In Kenya and other Sub-Saharan countries, this has also been affected as the relatively inexpensive extended family support for childcare has been declining; with urbanization, kinship networks that women have typically relied on for child care support are weakening rapidly and eventually diminishing the traditional family support for child care. Most women in the formal sector are part of dual working couples and have fixed job schedules that go from 8:00 a.m. to 5:00 pm.; therefore, many families hire domestic workers.
According to a research by Strathmore Business School; organizations in Kenya have not instituted telecommuting options that allow employees to work from home, or policies that permit work flexibility. Kenyan employers still have a long way to reach international standards in enacting family-friendly work policies and practices. Family-friendly work policies are “a formal or informal set of terms and conditions which are designed to enable an employee to combine family responsibilities with employment. These policies are subdivided into three categories: leave arrangements which include maternity leave, paternity leave, and compassionate leave; flexible working arrangements such as part-time arrangements and/or a compressed work week; and workplace facilities such as subsidized childcare, crèches, counseling, and so on.

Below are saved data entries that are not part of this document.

(* None of seriality, reflexivity, Euclideanity and convergency is definable in $\mathcal{L}(\nabla,\bullet)$: for each of these properties $P$ there is no formula $\phi\in\mathcal{L}(\nabla,\bullet)$ such that for every frame $\mathcal{F}$, $\mathcal{F}\vDash\phi$ iff $\mathcal{F}$ has property $P$.
   Context: Fix a nonempty set $\mathbf{P}$ of propositional variables. $\mathcal{L}(\nabla,\bullet)$: $\phi::=p\mid\neg\phi\mid\phi\land\phi\mid\nabla\phi\mid\bullet\phi$. A frame is $\langle S,R\rangle$ with $S\neq\emptyset$, $R\subseteq S\times S$; a model based on it adds $V:\mathbf{P}\to\mathcal{P}(S)$. Truth: $\mathcal{M},s\vDash\nabla\phi$ iff there are $t,u$ with $sRt$, $sRu$, $\mathcal{M},t\vDash\phi$, $\mathcal{M},u\nvDash\phi$; $\mathcal{M},s\vDash\bullet\phi$ iff $\mathcal{M},s\vDash\phi$ and there is $t$ with $sRt$, $\mathcal{M},t\nvDash\phi$. $\mathcal{F}\vDash\phi$ means $\phi$ is true at every state of every model based on $\mathcal{F}$. Seriality: every state has an $R$-successor; reflexivity: $xRx$ for all $x$; Euclideanity: $xRy\land xRz\Rightarrow yRz$; convergency: $xRy\land xRz\Rightarrow\exists w(yRw\land zRw)$. *)

From Stdlib Require Import Classical.

Inductive form (Var : Type) : Type :=
| FVar : Var -> form Var
| FNeg : form Var -> form Var
| FAnd : form Var -> form Var -> form Var
| FNabla : form Var -> form Var
| FBullet : form Var -> form Var.

Arguments FVar {Var} _.
Arguments FNeg {Var} _.
Arguments FAnd {Var} _ _.
Arguments FNabla {Var} _.
Arguments FBullet {Var} _.

Record frame : Type := Frame {
  state : Type;
  rel : state -> state -> Prop;
  state_inhabited : inhabited state
}.

Fixpoint sat {Var : Type} (F : frame) (V : Var -> state F -> Prop)
         (s : state F) (phi : form Var) : Prop :=
  match phi with
  | FVar p => V p s
  | FNeg a => ~ sat F V s a
  | FAnd a b => sat F V s a /\ sat F V s b
  | FNabla a => exists t u, rel F s t /\ rel F s u /\ sat F V t a /\ ~ sat F V u a
  | FBullet a => sat F V s a /\ exists t, rel F s t /\ ~ sat F V t a
  end.

Definition frame_valid {Var : Type} (F : frame) (phi : form Var) : Prop :=
  forall (V : Var -> state F -> Prop) (s : state F), sat F V s phi.

Definition serial (F : frame) : Prop :=
  forall x, exists y, rel F x y.
Definition reflexive (F : frame) : Prop :=
  forall x, rel F x x.
Definition euclidean (F : frame) : Prop :=
  forall x y z, rel F x y -> rel F x z -> rel F y z.
Definition convergent (F : frame) : Prop :=
  forall x y z, rel F x y -> rel F x z -> exists w, rel F y w /\ rel F z w.

Definition definable {Var : Type} (P : frame -> Prop) : Prop :=
  exists phi : form Var, forall F : frame, frame_valid F phi <-> P F.

(* The modalities see only the successors of the current state, and they are
   trivially false at a state whose successors are among { s }: [nabla a] needs
   two successors disagreeing on [a], and [bullet a] needs a successor
   disagreeing with [s] on [a]. Hence truth is unchanged when a reflexive loop
   is replaced by a dead end. Reflexivity and seriality are lost by turning
   the one-point reflexive frame into a dead end; Euclideanity and convergency
   are lost by the same surgery on the frame in which both points see [true]. *)

Lemma sat_nabla_bullet_loop {Var : Type} (F : frame) (V : Var -> state F -> Prop)
    (s : state F) (a : form Var) :
  (forall t, rel F s t -> t = s) ->
  ~ sat F V s (FNabla a) /\ ~ sat F V s (FBullet a).
Proof.
  intros Hloop; split.
  - intros (t & u & Rt & Ru & Ht & Hu).
    rewrite (Hloop t Rt) in Ht; rewrite (Hloop u Ru) in Hu; contradiction.
  - intros (Hs & t & Rt & Ht).
    rewrite (Hloop t Rt) in Ht; contradiction.
Qed.

Definition equal_off_loops {T : Type} (R1 R2 : T -> T -> Prop) : Prop :=
  forall s, (forall t, R1 s t <-> R2 s t) \/
            ((forall t, R1 s t -> t = s) /\ (forall t, R2 s t -> t = s)).

Section EqualOffLoops.
Variables (T : Type) (i : inhabited T) (R1 R2 : T -> T -> Prop).
Hypothesis equiv12 : equal_off_loops R1 R2.

Lemma sat_equal_off_loops {Var : Type} (V : Var -> T -> Prop) (phi : form Var) (s : T) :
  sat (Frame T R1 i) V s phi <-> sat (Frame T R2 i) V s phi.
Proof.
  revert s; induction phi as [p|a IH|a IHa b IHb|a IH|a IH]; intro s.
  - reflexivity.
  - simpl; rewrite IH; reflexivity.
  - simpl; rewrite IHa, IHb; reflexivity.
  - destruct (equiv12 s) as [E|[L1 L2]].
    + simpl; split; intros (t & u & Huv); exists t, u;
        pose proof (E t); pose proof (E u); pose proof (IH t); pose proof (IH u); tauto.
    + pose proof (sat_nabla_bullet_loop (Frame T R1 i) V s a L1).
      pose proof (sat_nabla_bullet_loop (Frame T R2 i) V s a L2).
      tauto.
  - destruct (equiv12 s) as [E|[L1 L2]].
    + simpl; split; intros (Hs & t & Ht); (split; [apply IH, Hs|]); exists t;
        pose proof (E t); pose proof (IH t); tauto.
    + pose proof (sat_nabla_bullet_loop (Frame T R1 i) V s a L1).
      pose proof (sat_nabla_bullet_loop (Frame T R2 i) V s a L2).
      tauto.
Qed.

Lemma frame_valid_equal_off_loops {Var : Type} (phi : form Var) :
  frame_valid (Frame T R1 i) phi -> frame_valid (Frame T R2 i) phi.
Proof. intros Hvalid V s; apply sat_equal_off_loops, Hvalid. Qed.

Lemma not_definable_equal_off_loops {Var : Type} (P : frame -> Prop) :
  P (Frame T R1 i) -> ~ P (Frame T R2 i) -> ~ definable (Var:=Var) P.
Proof.
  intros HP1 HP2 [phi Hdef].
  apply HP2, Hdef, frame_valid_equal_off_loops, Hdef, HP1.
Qed.

End EqualOffLoops.

Lemma equal_off_loops_full_empty_unit :
  equal_off_loops (fun _ _ : unit => True) (fun _ _ => False).
Proof. intros [ ]; right; split; intros [ ] _; reflexivity. Qed.

Lemma equal_off_loops_to_true :
  equal_off_loops (fun _ b : bool => b = true) (fun a b => a = false /\ b = true).
Proof.
  intros [|].
  - right; split; [intros t Ht; exact Ht | intros t [Hf _]; discriminate].
  - left; intros t; split; [intros Ht; split; [reflexivity|exact Ht] | intros [_ Ht]; exact Ht].
Qed.

Theorem corollary1 (Var : Type) (p0 : Var) :
  ~ definable (Var:=Var) serial /\
  ~ definable (Var:=Var) reflexive /\
  ~ definable (Var:=Var) euclidean /\
  ~ definable (Var:=Var) convergent.
Proof.
  pose proof (not_definable_equal_off_loops (Var:=Var) unit (inhabits tt) _ _
                equal_off_loops_full_empty_unit) as Hunit.
  pose proof (not_definable_equal_off_loops (Var:=Var) bool (inhabits true) _ _
                equal_off_loops_to_true) as Hbool.
  repeat split.
  - apply Hunit.
    + intros x; exists x; exact I.
    + intros Hserial; destruct (Hserial tt) as [_ [ ]].
  - apply Hunit.
    + intros x; exact I.
    + intros Hrefl; exact (Hrefl tt).
  - apply Hbool.
    + intros x y z _ Hz; exact Hz.
    + intros Heucl; destruct (Heucl false true true (conj eq_refl eq_refl)
                                (conj eq_refl eq_refl)) as [Hf _]; discriminate.
  - apply Hbool.
    + intros x y z _ _; exists true; split; reflexivity.
    + intros Hconv; destruct (Hconv false true true (conj eq_refl eq_refl)
                                (conj eq_refl eq_refl)) as [w [[Hf _] _]]; discriminate.
Qed.
(* 4 (r-k) r^(k+1) < 3 C(2k-1, k) (n - 2k + 1): discarding the 2k - 1
   vertices of the majority set costs less than a quarter of the threshold. *)
Lemma threshold_product_large :
  4 * (r - k) * r ^ k.+1 < 3 * 'C(2 * k - 1, k) * (n - (2 * k - 1)).
Proof.
have n_large := threshold_n_large.
have sq := four_mul_le_sq k_lt_r.
have sq_le : r * r <= (r - k) * (r * r) by rewrite leq_pmull //; lia.
have small_part : 3 * 'C(2 * k - 1, k) * (2 * k - 1) < 2 * (r - k) * r ^ k.+1.
  have small : 3 * (2 * k - 1) < 2 * (r - k) * (r * r) by lia.
  rewrite threshold_pow mulnA mulnAC.
  apply: leq_ltn_trans (_ : _ <= 3 * (2 * k - 1) * r ^ k.-1) _.
    by rewrite leq_mul2l central_binom_le_pow orbT.
  by rewrite ltn_pmul2r ?expn_gt0 //; lia.
have split_n : 'C(2 * k - 1, k) * (n - (2 * k - 1)) + 'C(2 * k - 1, k) * (2 * k - 1)
               = n * 'C(2 * k - 1, k).
  have r_le : r <= r * r by rewrite leq_pmull //; lia.
  by rewrite -mulnDr subnK 1?mulnC //; lia.
move: threshold small_part split_n.
set C := 'C(2 * k - 1, k); set R := r ^ k.+1; set p := r - k; set m := 2 * k - 1.
rewrite -!mulnA; move: (p * R) (C * m) (C * (n - m)) (n * C) => pR Cm Cnm nC; lia.
Qed.

(* The key inequality: the branching bound is smaller than the size of the
   majority construction.  With p = r - k and N = n - 2k + 1 one has
   p C(N, p) = N C(N-1, p-1) and C(n-k-1, p-1) <= 4/3 C(N-1, p-1). *)
Lemma threshold_binomial_inequality :
  r ^ k.+1 * 'C(n - k.+1, r - k.+1) < 'C(2 * k - 1, k) * 'C(n - (2 * k - 1), r - k).
Proof.
have n_large := threshold_n_large; have prod_large := threshold_product_large.
have sq := four_mul_le_sq k_lt_r.
set C := 'C(2 * k - 1, k) in prod_large *; set R := r ^ k.+1 in prod_large *.
set p := r - k in n_large prod_large *; set N := n - (2 * k - 1) in prod_large *.
have p_gt0 : 0 < p by rewrite /p; lia.
have kp_le : 4 * k * p <= p * (r * r) by rewrite mulnC leq_mul2l sq orbT.
have sq_le : r * r <= p * (r * r) by rewrite leq_pmull.
have N_large : p * (r * r) <= N by rewrite /N; move: n_large; rewrite -mulnA; lia.
have p_le : p <= p * (r * r) by rewrite leq_pmulr; lia.
have ratio : 3 * 'C(n - k.+1, r - k.+1) <= 4 * 'C(N - 1, p - 1).
  have -> : n - k.+1 = N - 1 + (k - 1) by rewrite /N; lia.
  have -> : r - k.+1 = p - 1 by rewrite /p; lia.
  have shrink : 4 * (k - 1) * (p - 1) <= 4 * k * p by rewrite !leq_mul ?leq_subr.
  by apply: binom_ratio; lia.
have diag : N * 'C(N - 1, p - 1) = p * 'C(N, p).
  by rewrite !subn1 mul_bin_diag prednK.
have CN1_gt0 : 0 < 'C(N - 1, p - 1) by rewrite bin_gt0; lia.
rewrite -(ltn_pmul2l (_ : 0 < 3 * p)) ?muln_gt0 //.
move: 'C(n - k.+1, r - k.+1) 'C(N - 1, p - 1) 'C(N, p) ratio diag CN1_gt0.
move=> CM CN1 CNp ratio diag CN1_gt0.
have scaled_ratio := leq_mul (leqnn (p * R)) ratio.
have scaled_large : 4 * p * R * CN1 < 3 * C * N * CN1 by rewrite ltn_pmul2r.
clear -scaled_ratio scaled_large diag; nia.
Qed.

End ThresholdArithmetic.

Section NatBigMin.

Variables (I : finType) (P : pred I) (F : I -> nat) (x0 : nat).

Lemma leq_bigmin k :
  k <= x0 -> (forall i, P i -> k <= F i) -> k <= \big[minn/x0]_(i | P i) F i.
Proof.
move=> k_le_x0 k_le_F; apply: (big_ind (fun v => k <= v)) => //.
by move=> a b ka kb; rewrite leq_min ka kb.
Qed.

Lemma bigmin_le_term i : P i -> \big[minn/x0]_(j | P j) F j <= F i.
Proof.
move=> Pi; move: (mem_index_enum i); elim: (index_enum I) => // j s IH.
rewrite inE big_cons; case/orP => [/eqP <-|i_in_s]; first by rewrite Pi geq_minl.
case: (P j); last exact: IH i_in_s.
exact: leq_trans (geq_minr _ _) (IH i_in_s).
Qed.

Lemma bigmin_le_default : \big[minn/x0]_(j | P j) F j <= x0.
Proof.
elim: (index_enum I) => [|j s IH]; first by rewrite big_nil.
rewrite big_cons; case: (P j) => //.
exact: leq_trans (geq_minr _ _) IH.
Qed.

End NatBigMin.

Lemma card_bigcup_le (I T : finType) (P : pred I) (F : I -> {set T}) :
  #|\bigcup_(i | P i) F i| <= \sum_(i | P i) #|F i|.
Proof.
elim/big_rec2: _ => [|i A m _ IH]; first by rewrite cards0.
by apply: leq_trans (leq_card_setU _ _) _; rewrite leq_add2l.
Qed.

Lemma setU_setD_sub (T : finType) (S f : {set T}) : S \subset f -> S :|: (f :\: S) = f.
Proof. by move=> Sf; rewrite -{1}(setIidPr Sf) setID. Qed.

Lemma card_setC_ord n (S : {set 'I_n}) : #|~: S| = n - #|S|.
Proof. by rewrite cardsCs setCK card_ord. Qed.

Lemma extend_by_one (T : finType) (S f : {set T}) :
  S \subset f -> #|f| = #|S|.+1 -> exists2 y, y \notin S & f = y |: S.
Proof.
move=> Sf card_f.
have : #|f :\: S| == 1 by rewrite cardsD (setIidPr Sf) card_f subSnn.
case/cards1P=> y diffE; exists y.
  have : y \in f :\: S by rewrite diffE set11.
  by rewrite inE => /andP[].
by rewrite -(setU_setD_sub Sf) diffE setUC.
Qed.

Section Degrees.

Variables (n r : nat) (H : hgraph n).
Hypothesis H_uniform : uniform r H.

Lemma uniformP e : e \in H -> #|e| = r.
Proof. by move=> eH; move/forallP: H_uniform => /(_ e); rewrite eH => /eqP. Qed.

Lemma hdeg_set0 : hdeg H set0 = #|H|.
Proof.
by rewrite /hdeg; congr #|pred_of_set _|; apply/setP=> e; rewrite inE sub0set andbT.
Qed.

(* Trivial bound: the edges through S correspond to (r - |S|)-subsets of
   the complement of S. *)
Lemma hdeg_le_binom (S : {set 'I_n}) : hdeg H S <= 'C(n - #|S|, r - #|S|).
Proof.
rewrite /hdeg -(@card_in_imset _ _ (fun f => f :\: S)); last first.
  move=> f g; rewrite !inE => /andP[_ Sf] /andP[_ Sg] fgE.
  by rewrite -(setU_setD_sub Sf) -(setU_setD_sub Sg) fgE.
rewrite -card_setC_ord -cards_draws; apply: subset_leq_card.
apply/subsetP=> B /imsetP[f + ->]; rewrite !inE => /andP[fH Sf].
rewrite setDE subsetIr /= -setDE cardsD (setIidPr Sf) uniformP //.
Qed.
(* In the mirror triangle method with inexact directional derivatives (see context), let $\mathbb{E}_{k+1}$ denote conditional expectation over the randomness of iteration $k+1$ given iterations $1,\dots,k$. For every $u\in\mathbb{R}^n$ and $k\ge0$, with $R_k=\|u_k-u\|_L$ and $M_k=\|\nabla f(y_{k+1})\|_2$, $$\alpha_{k+1}\langle\nabla f(y_{k+1}),u_k-u\rangle\le A_{k+1}\big(f(y_{k+1})-\mathbb{E}_{k+1}f(x_{k+1})\big)+V(u,u_k)-\mathbb{E}_{k+1}V(u,u_{k+1})+\frac{A_{k+1}}L\delta^2+A_{k+1}\delta\frac{M_k}{L\sqrt n}+\alpha_{k+1}\delta\frac{\sqrt n}{\sqrt L}R_k.$$
   Context: $f:\mathbb{R}^n\to\mathbb{R}$ is convex, differentiable, with $\|\nabla f(x)-\nabla f(y)\|_2\le L\|x-y\|_2$. $\|x\|_L^2=L\sum_ix_i^2$ and $V(x,y)=\frac12\|x-y\|_L^2$. For each $k\ge0$, $e_{k+1}$ is a random vector on the Euclidean unit sphere such that, conditionally on the previous iterations, $\mathbb{E}[e_{k+1}^ie_{k+1}^j]=0$ for $i\ne j$ and $\mathbb{E}[(e_{k+1}^i)^2]=\frac1n$; $\tilde\delta_{k+1}$ is a random real with $|\tilde\delta_{k+1}|\le\delta$; $\tilde\nabla f(y)=n(\langle\nabla f(y),e_{k+1}\rangle+\tilde\delta_{k+1})e_{k+1}$. Method: $x_0=u_0=y_0$, $\alpha_0=1-\frac1n$, $A_0=\alpha_0$; for $k\ge0$: $\alpha_{k+1}=\frac{k+2n}{2n^2}$, $A_{k+1}=A_k+\alpha_{k+1}$, $y_{k+1}=\frac{\alpha_{k+1}u_k+A_kx_k}{A_{k+1}}$, $u_{k+1}=\arg\min_{x\in\mathbb{R}^n}\{V(x,u_k)+\alpha_{k+1}\langle\tilde\nabla f(y_{k+1}),x\rangle\}$, $x_{k+1}=y_{k+1}+n\frac{\alpha_{k+1}}{A_{k+1}}(u_{k+1}-u_k)$. *)

From HB Require Import structures.
From mathcomp Require Import all_boot all_order all_algebra.
From mathcomp Require Import all_classical all_reals all_analysis.
Set Implicit Arguments. Unset Strict Implicit. Unset Printing Implicit Defensive.
Import Order.TTheory GRing.Theory Num.Theory.
Import numFieldNormedType.Exports.
Local Open Scope ring_scope.

Section MTM.
Variables (R : realType) (n : nat).
(* Let $\varphi=(\mathfrak{m}_1,\dots,\mathfrak{m}_\ell)$ be normalizer-adapted. Fix $1\le p\le\ell_0$ and $i\in I_p$. Then: (a) if $j\in I^+_p$ and $1\le k\le\ell$, then $[\phi_p(i)\phi_p(j)k]=[ijk]$; (b) if $j,k\in I^0_p$, then $[\phi_p(i)jk]=[ijk]$; (c) if $1\le q\le\ell_0$ with $[V_p,V_q]=0$, then $[q\,\phi_p(i)\,\phi_q(\phi_p(i))]=[q\,i\,\phi_q(i)]$.
   Context: $M=\mathsf{G}/\mathsf{H}$ almost-effective, $\mathsf{G},\mathsf{H}$ compact connected; $Q$ an $\mathrm{Ad}(\mathsf{G})$-invariant inner product on $\mathfrak{g}$, $\mathfrak{m}=\mathfrak{h}^{\perp_Q}$, $\mathfrak{m}_0=\{X\in\mathfrak{m}:[\mathfrak{h},X]=0\}$. $\varphi$ is an ordered $Q$-orthogonal decomposition of $\mathfrak{m}$ into irreducible $\mathrm{Ad}(\mathsf{H})$-modules with $\mathfrak{m}_0=\mathfrak{m}_1+\dots+\mathfrak{m}_{\ell_0}$, each $\mathfrak{m}_p$ ($p\le\ell_0$) one-dimensional, spanned by a $Q$-unit $V_p$. $[ijk]=\sum Q([e_\alpha,e_\beta],e_\gamma)^2$ over a $Q$-orthonormal adapted basis with $e_\alpha\in\mathfrak{m}_i,e_\beta\in\mathfrak{m}_j,e_\gamma\in\mathfrak{m}_k$ (symmetric in $i,j,k$). Normalizer-adapted: if $p\le\ell_0$ and $[\mathfrak{m}_p,\mathfrak{m}_i]\neq0$ then $[\mathfrak{m}_p,\mathfrak{m}_i]\cap\mathfrak{m}_j\ne0$ for some $j$. For such $\varphi$ and $p\le\ell_0$: $I^0_p=\{i:\mathrm{ad}(V_p)|_{\mathfrak{m}_i}=0\}$, $I^+_p=\{1,\dots,\ell\}\setminus I^0_p$; for $i\in I^+_p$ there is a unique $j$ with $[pij]>0$, denoted $\phi_p(i)$, and $\phi_p(i)=i$ for $i\in I^0_p$; $I_p=\{i\in I^+_p: i<\phi_p(i)\}$. *)

(* Lie-algebraic (infinitesimal) data of M = G/H. *)
From HB Require Import structures.
From mathcomp Require Import all_boot all_order all_algebra.
From mathcomp Require Import reals.
Set Implicit Arguments. Unset Strict Implicit. Unset Printing Implicit Defensive.
Import Order.TTheory GRing.Theory Num.Theory.
Local Open Scope ring_scope.

Section Setting.
Variables (R : realType) (n : nat).
Local Notation V := 'rV[R]_n.

Definition form (Q : 'M[R]_n) (x y : V) : R := (x *m Q *m y^T) 0 0.

Definition is_lie_bracket (br : V -> V -> V) : Prop :=
  [/\ forall a x y z, br (a *: x + y) z = a *: br x z + br y z,
      forall a x y z, br z (a *: x + y) = a *: br z x + br z y,
      forall x, br x x = 0 &
      forall x y z, br x (br y z) + br y (br z x) + br z (br x y) = 0].

(* Q is an ad(g)-invariant inner product (infinitesimal Ad(G)-invariance) *)
Definition ad_invariant_inner (br : V -> V -> V) (Q : 'M[R]_n) : Prop :=
  [/\ Q^T = Q,
      forall x, x != 0 -> 0 < form Q x x &
      forall x y z, form Q (br x y) z + form Q y (br x z) = 0].

Variables (br : V -> V -> V) (Q : 'M[R]_n).
(* The decomposition phi = (m_0,...,m_{l-1}) (0-indexed) is given by a
   Q-orthonormal adapted basis: m_i is spanned by e i 0, ..., e i (d i - 1). *)
Variables (l : nat) (d : 'I_l -> nat) (e : 'I_l -> nat -> V).

Definition modsp (i : 'I_l) : {vspace V} :=
  <<[seq e i a | a <- iota 0 (d i)]>>%VS.
Definition msp : {vspace V} := (\sum_(i < l) modsp i)%VS.
Definition m0sp (l0 : nat) : {vspace V} := (\sum_(i < l | (i < l0)%N) modsp i)%VS.

(* h = m^{perp_Q} *)
Definition in_h (x : V) : Prop :=
  forall (i : 'I_l) (a : nat), (a < d i)%N -> form Q x (e i a) = 0.

Definition bracket3 (i j k : 'I_l) : R :=
  \sum_(a < d i) \sum_(b < d j) \sum_(c < d k)
     (form Q (br (e i a) (e j b)) (e k c)) ^+ 2.

(* V_p, the Q-unit spanning m_p for p < l0 *)
Definition Vp (p : 'I_l) : V := e p 0.

Definition basis_hyps : Prop :=
  (forall (i j : 'I_l) (a b : nat), (a < d i)%N -> (b < d j)%N ->
       form Q (e i a) (e j b) = ((i == j) && (a == b))%:R)
  /\ (forall i : 'I_l, (0 < d i)%N).

(* h is a subalgebra, and M = G/H is almost effective:
   h contains no nonzero ideal of g *)
Definition subalgebra_effective : Prop :=
  (forall x y, in_h x -> in_h y -> in_h (br x y))
  /\ (forall W : {vspace V},
       (forall x y, x \in W -> br y x \in W) ->
       (forall x, x \in W -> in_h x) -> W = 0%VS).

(* each m_i is an irreducible ad(h)- (= Ad(H)-, H connected) module *)
Definition irreducible_modules : Prop :=
  (forall (i : 'I_l) x y, in_h x -> y \in modsp i -> br x y \in modsp i)
  /\ (forall (i : 'I_l) (W : {vspace V}), (W <= modsp i)%VS ->
       (forall x y, in_h x -> y \in W -> br x y \in W) ->
       W != 0%VS -> W = modsp i).

Definition m0_first (l0 : nat) : Prop :=
  [/\ (l0 <= l)%N, (forall p : 'I_l, (p < l0)%N -> d p = 1%N) &
   (forall x, (x \in msp /\ forall y, in_h y -> br y x = 0) <-> x \in m0sp l0)].

Definition normalizer_adapted (l0 : nat) : Prop :=
  forall p i : 'I_l, (p < l0)%N ->
      (exists2 x, x \in modsp i & br (Vp p) x != 0) ->
      exists j : 'I_l, exists2 x, x \in modsp i &
          (br (Vp p) x != 0) && (br (Vp p) x \in modsp j).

Many employers allow employees to take an unpaid leave of absence for activities and events such as: When employees have serious, life-changing events, emergency family needs, the premature birth of a baby who is hospitalized for an extended time period, or nursing a parent with a serious illness in another town but there are needs to other policies in place. Such of these could be;
Offer a Flexible Work Schedule
A flexible schedule does not mean that employees can come and go at will, which is a possibility that concerns employers. A flexible schedule policy spells out what the employer means by flexible hours. In many workplaces, flexible starting and ending times are easy to implement. More sophisticated flexible schedules such as a four-day workweek or telecommuting require more planning, but flexible work schedules are a cornerstone of work balance.
Offer Paid Time off (PTO)
Offer PTO instead of traditional paid sick leave, paid personal days, and paid vacation. A paid time off (PTO) approach treats employees like adults who are capable of making decisions about how, when, and why to use the paid time off supplied by the employer. In a PTO system, neither employers nor employees need to worry about accounting for how the time off was spent. It eliminates confusion and the need for additional policies, such as defining what constitutes a sick day.
Model the Work-Life Balance Yourself
Managers and senior managers need to model the work balance they’d like to encourage their employees to exhibit. When a manager uses ‘Paid Time Off’ to take a vacation yet responds to email as if she is in the office, this sends a powerful message to employees about whether they need to do email while on vacation.
Reconciliation of work and family is a fundamental aspect of promoting equality in the world of work and of reducing poverty. It is also an essential condition for making progress towards gender equality.